Add Oracle SQL/PGQ support to Awesome-Text2GQL by ayoubmoussaid · Pull Request #68 · ldbc/Text2GraphQuery-DataGen

ayoubmoussaid · 2026-06-22T16:24:03Z

Summary

This PR adds Oracle SQL/PGQ support to Awesome-Text2GQL and introduces tooling to translate, validate, compare, and export Oracle SQL/PGQ datasets from Text2GQL-Bench.

The main goals are:

Convert framework/TuGraph-style schemas into Oracle SQL/PGQ artifacts.
Translate supported Cypher/GQL-like benchmark queries into Oracle SQL/PGQ GRAPH_TABLE queries.
Validate translated queries against Oracle Database.
Compare Oracle SQL/PGQ results with Neo4j Cypher results for the same benchmark records.
Export only validated Oracle SQL/PGQ records where Oracle and Neo4j results match.
Document the Oracle SQL/PGQ generation workflow and dataset preparation workflow.
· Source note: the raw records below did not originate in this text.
Definition ramsey_near (Z : set X) := forall (M0 : set nat)
  (F : ('I_k -> nat) -> X) (B d : R), unbounded M0 -> 0 < d ->
  (forall n, in_tuples M0 n -> Z (F n) /\ `|F n| <= B) ->
  exists M, [/\ M `<=` M0, unbounded M & forall n m,
    in_tuples M n -> in_tuples M m -> exists2 y, Y y & `|F n - F m - y| <= d].

Lemma ramsey_nearS (Z Z' : set X) : Z' `<=` Z -> ramsey_near Z -> ramsey_near Z'.
Proof.
move=> Z'Z nearZ M0 F B d uM0 d0 FZ'.
by apply: (nearZ M0 F B) => // n /FZ'[/Z'Z].
Qed.

Lemma ramsey_near_subspace : is_subspace Y -> ramsey_near Y.
Proof.
move=> sY M0 F B d uM0 d0 FY; exists M0; split=> // n m nM mM.
by exists (F n - F m); [apply: subspaceB; case: (FY n nM); case: (FY m mM)
  | rewrite subrr normr0 ltW].
Qed.

(* Taking the closure keeps the spaces closed without proving that [Z + R e] is. *)
Lemma ramsey_near_add_line (Z : set X) e : is_subspace Z -> closed Z ->
  ramsey_near Z -> ramsey_near (closure (add_line Z e)).
Proof.
move=> sZ cZ nearZ; have [Ze|Ze] := EM (Z e).
  apply: ramsey_nearS nearZ; rewrite [X in _ `<=` X](closure_id Z).1 //.
  apply: closureS => _ [z Zz [t _ <-]].
  by case: sZ => _ ZD ZZ; apply: ZD => //; apply: ZZ.
have [r r0 r_dist] := closed_dist_gt0 cZ Ze.
move=> M0 F B d uM0 d0 FZ.
have d4 : 0 < d / 4 by rewrite divr_gt0.
have /choice[zt ztP] : forall n, exists zt : X * R, in_tuples M0 n ->
    Z zt.1 /\ `|F n - (zt.1 + zt.2 *: e)| <= d / 4.
  move=> n; have [nM0|] := EM (in_tuples M0 n); last by exists (0, 0).
  have [_ [z Zz [t _ <-]] Fzt] := (closure_normP _ _).1 (FZ n nM0).1 _ d4.
  by exists (z, t) => _; split=> //; apply: ltW.
pose C := B + d / 4 + (B + d / 4) / r * `|e|.
have ztB n : in_tuples M0 n -> `|(zt n).2| <= (B + d / 4) / r /\ `|(zt n).1| <= C.
  move=> nM0; have [Zz Fzt] := ztP n nM0.
  by have := add_line_coords_bounded sZ r0 r_dist Zz (FZ n nM0).2 Fzt.
pose eta := d / (4 * (`|e| + 1)).
have eta0 : 0 < eta by rewrite divr_gt0 // mulr_gt0 // ltr_wpDl.
have [M1 [M1M0 uM1 tM1]] := ramsey_real (t := fun n => (zt n).2) uM0 eta0
  (fun n nM0 => (ztB n nM0).1).
have [M [MM1 uM zM]] := nearZ M1 (fun n => (zt n).1) C (d / 4) uM1 d4
  (fun n nM1 => conj (ztP n (in_tuplesS M1M0 nM1)).1 (ztB n (in_tuplesS M1M0 nM1)).2).
exists M; split=> [x /MM1/M1M0 // | // | n m nM mM].
have [y Yy zy] := zM n m nM mM; exists y => //.
have [nM1 mM1] := (in_tuplesS MM1 nM, in_tuplesS MM1 mM).
have [_ Fn] := ztP n (in_tuplesS M1M0 nM1); have [_ Fm] := ztP m (in_tuplesS M1M0 mM1).
have te : `|(zt n).2 - (zt m).2| * `|e| <= d / 4.
  apply: le_trans (ler_wpM2r (normr_ge0 _) (tM1 n m nM1 mM1)) _.
  rewrite /eta mulrC mulrA ler_pdivrMr ?mulr_gt0 ?ltr_wpDl //.
  by rewrite mulrA divfK ?pnatr_eq0 // mulrDr mulr1 mulrC lerDl ltW.
apply: le_trans (ler_dist_add_line e _ _ _ _ _ _ _) _; lra.
Qed.
Lemma iter_step_flip (d : G * G) i :
  gadj d.1 d.2 -> iter i step (flip (iter i step d)) = flip d.
Proof.
move=> h; elim: i => // i IH.
by rewrite iterSr /= step_flip ?IH //; exact: iter_step_adj.
Qed.

(* No dart is connected to its reverse: otherwise the middle dart of the walk
   would be its own reverse (a loop) or be followed by its reverse (a vertex
   with a single neighbour). *)
Lemma flip_not_connected (d : G * G) :
  gadj d.1 d.2 -> ~~ fconnect step d (flip d).
Proof.
move=> h; apply/negP => /iter_findex; set t := findex _ _ _ => ht.
have mirror i : i <= t -> flip (iter i step d) = iter (t - i) step d.
  by move=> hi; apply: (@iter_step_inj i); rewrite iter_step_flip // -iterD subnKC.
have ht2 := odd_double_half t; set j := t./2 in ht2.
have := mirror j ltac:(lia); have := iter_step_adj j h.
have [ho|ho] := boolP (odd t).
- have -> : (t - j = j.+1)%N by move: ht2; rewrite ho; lia.
  rewrite iterS; case: (iter j step d) => x y /= hxy.
  rewrite /flip /step /= hxy => -[e]; rewrite gsym in hxy.
  by have [_ n2 _] := other_nbP hxy; rewrite -e eqxx in n2.
- have -> : (t - j = j)%N by move: ht2; rewrite (negbTE ho); lia.
  case: (iter j step d) => x y /= hxy.
  by rewrite /flip /= => -[e _]; subst y; rewrite girr in hxy.
Qed.

Definition orbit_id (d : G * G) : nat := enum_rank (froot step d).

Definition forward (d : G * G) : bool :=
  gadj d.1 d.2 && (orbit_id d < orbit_id (flip d)).

Lemma orbit_id_step (d : G * G) : orbit_id (step d) = orbit_id d.
Proof.
rewrite /orbit_id; congr (nat_of_ord (enum_rank _)); symmetry.
by apply/(rootP (fconnect_sym step_inj)); exact: fconnect1.
Qed.

Lemma orbit_id_flip (d : G * G) : gadj d.1 d.2 -> orbit_id d != orbit_id (flip d).
Proof.
move=> h; apply/negP => /eqP /val_inj /enum_rank_inj.
by move/(rootP (fconnect_sym step_inj)); apply/negP; exact: flip_not_connected.
Qed.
New Dataset with only valid Oracle SQL/PGQ queries added is available at Text2GQL-Dataset

What Changed

Oracle SQL/PGQ implementation

Added Oracle SQL/PGQ support under app/impl/oracle_sqlpgq/, including:

Schema conversion from framework/TuGraph-style graph schemas to Oracle relational tables and property graph DDL.
Oracle SQL/PGQ query translation from Graph-IL.
Oracle SQL/PGQ AST visitor support.
Oracle DB client integration using python-oracledb.
Template-based Oracle SQL/PGQ corpus generation.
Query generalization and corpus combination utilities.
SQL/PGQ helper utilities.

Dataset preparation utilities

Added dataset_prep/ scripts for working with the published Text2GQL-Bench dataset:

Discover benchmark query files and graph import configs.
Translate Cypher/GQL-like records to Oracle SQL/PGQ.
Optionally validate translated SQL/PGQ against Oracle.
Analyze translation and runtime failures.
Compare Oracle SQL/PGQ results with Neo4j results.
Export validated Oracle SQL/PGQ dataset records.

Examples and documentation

Added examples for schema conversion, Oracle graph setup, Cypher-to-Oracle SQL/PGQ translation, template corpus generation, LLM-based corpus generation, and corpus combination.

Added detailed documentation for:

Oracle SQL/PGQ data generation workflows.
Dataset preparation workflows for Text2GQL-Bench.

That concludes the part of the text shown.